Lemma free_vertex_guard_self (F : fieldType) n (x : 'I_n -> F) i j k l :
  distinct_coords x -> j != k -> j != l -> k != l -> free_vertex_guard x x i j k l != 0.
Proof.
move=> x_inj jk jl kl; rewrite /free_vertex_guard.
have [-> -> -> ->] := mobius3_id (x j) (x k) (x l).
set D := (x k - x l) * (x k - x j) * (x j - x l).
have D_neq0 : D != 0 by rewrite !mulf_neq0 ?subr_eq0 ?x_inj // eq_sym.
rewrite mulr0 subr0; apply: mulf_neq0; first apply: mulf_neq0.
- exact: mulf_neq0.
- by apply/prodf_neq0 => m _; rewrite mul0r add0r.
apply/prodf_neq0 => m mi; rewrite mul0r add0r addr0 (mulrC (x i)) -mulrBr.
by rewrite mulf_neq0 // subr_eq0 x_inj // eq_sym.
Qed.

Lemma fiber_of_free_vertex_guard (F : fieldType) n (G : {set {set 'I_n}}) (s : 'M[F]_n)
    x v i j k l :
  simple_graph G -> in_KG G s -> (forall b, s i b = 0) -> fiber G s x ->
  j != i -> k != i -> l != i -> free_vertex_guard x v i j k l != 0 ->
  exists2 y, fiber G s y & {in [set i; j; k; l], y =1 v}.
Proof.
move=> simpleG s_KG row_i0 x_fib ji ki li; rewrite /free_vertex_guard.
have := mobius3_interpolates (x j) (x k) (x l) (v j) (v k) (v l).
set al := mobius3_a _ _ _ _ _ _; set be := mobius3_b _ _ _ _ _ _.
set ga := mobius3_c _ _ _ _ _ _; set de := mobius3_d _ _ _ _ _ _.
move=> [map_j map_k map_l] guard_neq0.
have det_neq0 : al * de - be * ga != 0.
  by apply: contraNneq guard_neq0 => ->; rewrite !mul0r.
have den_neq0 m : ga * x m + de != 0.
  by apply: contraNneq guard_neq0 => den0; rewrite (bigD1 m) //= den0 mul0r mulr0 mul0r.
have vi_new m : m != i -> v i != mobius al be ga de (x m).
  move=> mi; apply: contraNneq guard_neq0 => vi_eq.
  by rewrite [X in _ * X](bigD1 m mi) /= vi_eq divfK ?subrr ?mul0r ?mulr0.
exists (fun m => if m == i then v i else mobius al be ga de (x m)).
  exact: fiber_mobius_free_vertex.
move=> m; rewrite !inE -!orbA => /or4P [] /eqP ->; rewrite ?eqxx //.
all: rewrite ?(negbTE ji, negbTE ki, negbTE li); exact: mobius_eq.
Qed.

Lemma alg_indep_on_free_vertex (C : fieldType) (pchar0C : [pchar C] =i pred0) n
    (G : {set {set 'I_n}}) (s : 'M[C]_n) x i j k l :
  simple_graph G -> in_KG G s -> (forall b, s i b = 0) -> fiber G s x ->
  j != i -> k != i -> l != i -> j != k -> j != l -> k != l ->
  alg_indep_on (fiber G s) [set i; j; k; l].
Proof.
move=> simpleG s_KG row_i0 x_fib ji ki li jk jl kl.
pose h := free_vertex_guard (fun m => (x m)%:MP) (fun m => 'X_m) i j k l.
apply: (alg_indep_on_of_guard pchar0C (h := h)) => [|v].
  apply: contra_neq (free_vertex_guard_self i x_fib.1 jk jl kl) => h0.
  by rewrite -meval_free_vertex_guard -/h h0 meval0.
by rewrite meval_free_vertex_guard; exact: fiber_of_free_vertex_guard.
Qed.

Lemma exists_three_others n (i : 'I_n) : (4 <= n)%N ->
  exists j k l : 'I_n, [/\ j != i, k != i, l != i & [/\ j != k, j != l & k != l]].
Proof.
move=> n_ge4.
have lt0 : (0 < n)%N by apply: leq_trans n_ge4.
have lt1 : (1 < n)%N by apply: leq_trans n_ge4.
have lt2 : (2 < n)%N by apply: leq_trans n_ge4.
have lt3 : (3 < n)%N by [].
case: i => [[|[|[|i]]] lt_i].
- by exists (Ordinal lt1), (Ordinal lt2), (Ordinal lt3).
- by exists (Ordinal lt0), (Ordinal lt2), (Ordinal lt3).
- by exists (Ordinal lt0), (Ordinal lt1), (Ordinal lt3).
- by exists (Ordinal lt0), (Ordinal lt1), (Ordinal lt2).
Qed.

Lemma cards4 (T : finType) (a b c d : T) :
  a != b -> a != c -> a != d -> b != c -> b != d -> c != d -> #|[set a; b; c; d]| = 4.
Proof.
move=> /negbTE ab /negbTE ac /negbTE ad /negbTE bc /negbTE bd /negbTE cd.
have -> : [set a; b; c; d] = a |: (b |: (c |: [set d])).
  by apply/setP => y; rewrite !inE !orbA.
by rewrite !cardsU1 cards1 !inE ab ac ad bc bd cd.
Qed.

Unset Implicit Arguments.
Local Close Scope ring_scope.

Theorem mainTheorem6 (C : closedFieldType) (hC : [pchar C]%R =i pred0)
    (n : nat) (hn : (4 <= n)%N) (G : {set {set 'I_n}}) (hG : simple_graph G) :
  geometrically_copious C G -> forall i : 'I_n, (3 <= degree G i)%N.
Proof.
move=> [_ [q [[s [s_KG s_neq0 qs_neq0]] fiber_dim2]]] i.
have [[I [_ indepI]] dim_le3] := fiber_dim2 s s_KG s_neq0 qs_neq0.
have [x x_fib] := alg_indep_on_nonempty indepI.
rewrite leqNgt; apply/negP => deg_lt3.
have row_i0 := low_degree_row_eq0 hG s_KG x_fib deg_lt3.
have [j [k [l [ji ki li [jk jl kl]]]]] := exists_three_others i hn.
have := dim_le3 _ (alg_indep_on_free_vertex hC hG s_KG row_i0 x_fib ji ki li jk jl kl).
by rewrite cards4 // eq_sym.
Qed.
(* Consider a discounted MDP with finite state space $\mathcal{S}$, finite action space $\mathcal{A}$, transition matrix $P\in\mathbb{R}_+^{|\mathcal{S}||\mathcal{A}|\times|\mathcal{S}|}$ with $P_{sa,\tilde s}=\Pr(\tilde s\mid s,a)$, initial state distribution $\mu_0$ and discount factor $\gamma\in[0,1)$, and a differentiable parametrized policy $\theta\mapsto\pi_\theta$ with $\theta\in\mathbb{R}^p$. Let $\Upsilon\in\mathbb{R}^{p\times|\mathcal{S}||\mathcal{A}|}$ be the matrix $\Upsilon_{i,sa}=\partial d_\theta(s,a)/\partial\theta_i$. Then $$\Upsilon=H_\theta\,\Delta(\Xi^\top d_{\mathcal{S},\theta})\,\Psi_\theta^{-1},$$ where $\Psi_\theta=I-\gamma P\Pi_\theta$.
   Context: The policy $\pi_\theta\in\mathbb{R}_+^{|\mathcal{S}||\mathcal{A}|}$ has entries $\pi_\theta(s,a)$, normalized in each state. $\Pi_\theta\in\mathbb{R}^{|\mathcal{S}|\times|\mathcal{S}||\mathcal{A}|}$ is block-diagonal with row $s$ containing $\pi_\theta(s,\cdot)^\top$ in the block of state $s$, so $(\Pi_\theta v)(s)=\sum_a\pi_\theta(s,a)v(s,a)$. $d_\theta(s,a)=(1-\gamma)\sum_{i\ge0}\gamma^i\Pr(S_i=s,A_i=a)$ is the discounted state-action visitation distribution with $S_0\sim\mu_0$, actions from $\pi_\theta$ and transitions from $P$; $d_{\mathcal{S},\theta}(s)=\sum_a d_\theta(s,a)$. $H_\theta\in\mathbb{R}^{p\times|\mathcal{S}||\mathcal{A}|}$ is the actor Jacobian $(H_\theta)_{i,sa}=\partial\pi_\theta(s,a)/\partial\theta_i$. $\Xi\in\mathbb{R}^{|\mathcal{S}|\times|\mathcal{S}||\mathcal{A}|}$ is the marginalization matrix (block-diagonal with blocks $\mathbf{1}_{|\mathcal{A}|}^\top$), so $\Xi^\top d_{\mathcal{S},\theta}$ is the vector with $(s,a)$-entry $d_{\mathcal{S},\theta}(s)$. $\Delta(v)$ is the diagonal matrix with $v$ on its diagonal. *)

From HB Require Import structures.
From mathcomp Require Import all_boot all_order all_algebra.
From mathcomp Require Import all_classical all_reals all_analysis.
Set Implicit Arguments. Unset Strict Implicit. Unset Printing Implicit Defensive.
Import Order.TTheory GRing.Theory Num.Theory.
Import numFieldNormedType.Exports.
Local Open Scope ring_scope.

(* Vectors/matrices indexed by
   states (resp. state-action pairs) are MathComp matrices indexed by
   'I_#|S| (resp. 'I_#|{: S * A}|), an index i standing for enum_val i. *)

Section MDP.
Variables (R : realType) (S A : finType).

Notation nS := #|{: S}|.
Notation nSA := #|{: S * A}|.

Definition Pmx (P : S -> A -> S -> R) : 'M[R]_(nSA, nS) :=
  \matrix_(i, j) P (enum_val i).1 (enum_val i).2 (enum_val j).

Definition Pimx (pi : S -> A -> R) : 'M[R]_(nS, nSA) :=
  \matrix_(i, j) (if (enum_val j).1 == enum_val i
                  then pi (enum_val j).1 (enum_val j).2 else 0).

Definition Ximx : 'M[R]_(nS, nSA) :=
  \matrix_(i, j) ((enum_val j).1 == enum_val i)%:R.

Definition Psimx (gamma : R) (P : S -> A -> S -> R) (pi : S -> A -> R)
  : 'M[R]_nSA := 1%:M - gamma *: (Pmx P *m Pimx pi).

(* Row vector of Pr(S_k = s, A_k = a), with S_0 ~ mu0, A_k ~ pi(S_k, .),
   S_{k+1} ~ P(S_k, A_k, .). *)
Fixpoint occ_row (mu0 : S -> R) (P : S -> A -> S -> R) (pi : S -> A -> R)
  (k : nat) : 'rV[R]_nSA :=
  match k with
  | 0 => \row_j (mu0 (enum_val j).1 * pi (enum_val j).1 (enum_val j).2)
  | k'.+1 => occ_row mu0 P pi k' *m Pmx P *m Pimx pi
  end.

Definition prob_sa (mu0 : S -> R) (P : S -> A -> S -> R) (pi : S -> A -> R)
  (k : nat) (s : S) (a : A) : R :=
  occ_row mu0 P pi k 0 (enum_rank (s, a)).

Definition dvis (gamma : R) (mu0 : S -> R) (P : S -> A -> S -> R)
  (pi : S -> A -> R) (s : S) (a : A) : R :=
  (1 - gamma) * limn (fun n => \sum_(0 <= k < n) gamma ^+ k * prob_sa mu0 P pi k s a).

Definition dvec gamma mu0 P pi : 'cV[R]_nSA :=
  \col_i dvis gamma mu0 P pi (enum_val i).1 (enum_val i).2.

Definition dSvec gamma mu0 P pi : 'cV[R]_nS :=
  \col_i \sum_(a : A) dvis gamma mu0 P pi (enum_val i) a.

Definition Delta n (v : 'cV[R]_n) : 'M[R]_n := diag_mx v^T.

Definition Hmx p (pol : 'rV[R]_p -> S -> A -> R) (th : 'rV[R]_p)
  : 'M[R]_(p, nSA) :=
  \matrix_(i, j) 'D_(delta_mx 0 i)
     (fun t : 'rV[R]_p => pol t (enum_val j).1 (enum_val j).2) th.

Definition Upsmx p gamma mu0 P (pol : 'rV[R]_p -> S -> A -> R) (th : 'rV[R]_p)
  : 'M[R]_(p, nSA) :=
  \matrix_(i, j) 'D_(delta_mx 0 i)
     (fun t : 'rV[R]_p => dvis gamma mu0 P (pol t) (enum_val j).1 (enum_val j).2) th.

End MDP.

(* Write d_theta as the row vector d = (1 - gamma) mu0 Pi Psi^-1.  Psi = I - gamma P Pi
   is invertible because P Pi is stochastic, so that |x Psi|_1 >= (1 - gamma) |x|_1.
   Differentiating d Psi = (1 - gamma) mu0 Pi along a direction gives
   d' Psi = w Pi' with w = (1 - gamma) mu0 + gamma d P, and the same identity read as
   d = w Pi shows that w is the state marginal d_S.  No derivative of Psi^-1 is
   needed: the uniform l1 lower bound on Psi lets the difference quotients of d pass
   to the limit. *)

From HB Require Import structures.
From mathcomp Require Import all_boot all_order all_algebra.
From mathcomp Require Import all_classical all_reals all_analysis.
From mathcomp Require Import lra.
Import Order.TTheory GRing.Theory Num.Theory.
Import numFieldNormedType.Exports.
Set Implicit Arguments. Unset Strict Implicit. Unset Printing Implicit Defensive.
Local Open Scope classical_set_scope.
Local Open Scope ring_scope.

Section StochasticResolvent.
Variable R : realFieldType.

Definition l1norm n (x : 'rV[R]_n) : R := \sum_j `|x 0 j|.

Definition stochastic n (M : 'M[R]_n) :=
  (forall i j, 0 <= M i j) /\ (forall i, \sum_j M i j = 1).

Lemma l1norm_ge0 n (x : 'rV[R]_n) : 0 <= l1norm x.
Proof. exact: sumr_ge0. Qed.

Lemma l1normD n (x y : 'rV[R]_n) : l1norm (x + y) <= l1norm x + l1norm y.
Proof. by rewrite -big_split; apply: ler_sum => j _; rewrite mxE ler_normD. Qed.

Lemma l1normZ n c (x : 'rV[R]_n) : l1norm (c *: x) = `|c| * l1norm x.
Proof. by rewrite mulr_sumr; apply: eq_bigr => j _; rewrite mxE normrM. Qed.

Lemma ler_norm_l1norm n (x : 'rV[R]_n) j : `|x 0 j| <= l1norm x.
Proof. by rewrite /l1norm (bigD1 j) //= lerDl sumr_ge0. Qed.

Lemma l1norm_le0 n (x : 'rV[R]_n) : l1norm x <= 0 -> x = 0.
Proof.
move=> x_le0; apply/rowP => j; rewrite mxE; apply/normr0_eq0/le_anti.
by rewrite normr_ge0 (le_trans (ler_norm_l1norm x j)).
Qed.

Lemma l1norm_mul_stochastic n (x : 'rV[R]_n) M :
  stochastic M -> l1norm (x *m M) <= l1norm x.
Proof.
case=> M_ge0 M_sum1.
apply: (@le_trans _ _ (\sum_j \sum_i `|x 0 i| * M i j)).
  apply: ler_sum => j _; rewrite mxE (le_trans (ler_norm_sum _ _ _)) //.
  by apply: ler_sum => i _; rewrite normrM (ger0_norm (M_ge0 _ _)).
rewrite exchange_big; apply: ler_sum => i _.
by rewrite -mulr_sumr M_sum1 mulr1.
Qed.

PROBLEM TO WORK ON – Please give an exact restatement of only the lines from the beginning of the material above to the line with "move=> x_inj jk", inclusive.

YOUR RESPONSE –
Lemma free_vertex_guard_self (F : fieldType) n (x : 'I_n -> F) i j k l :
  distinct_coords x -> j != k -> j != l -> k != l -> free_vertex_guard x x i j k l != 0.
Proof.
move=> x_inj jk jl kl; rewrite /free_vertex_guard.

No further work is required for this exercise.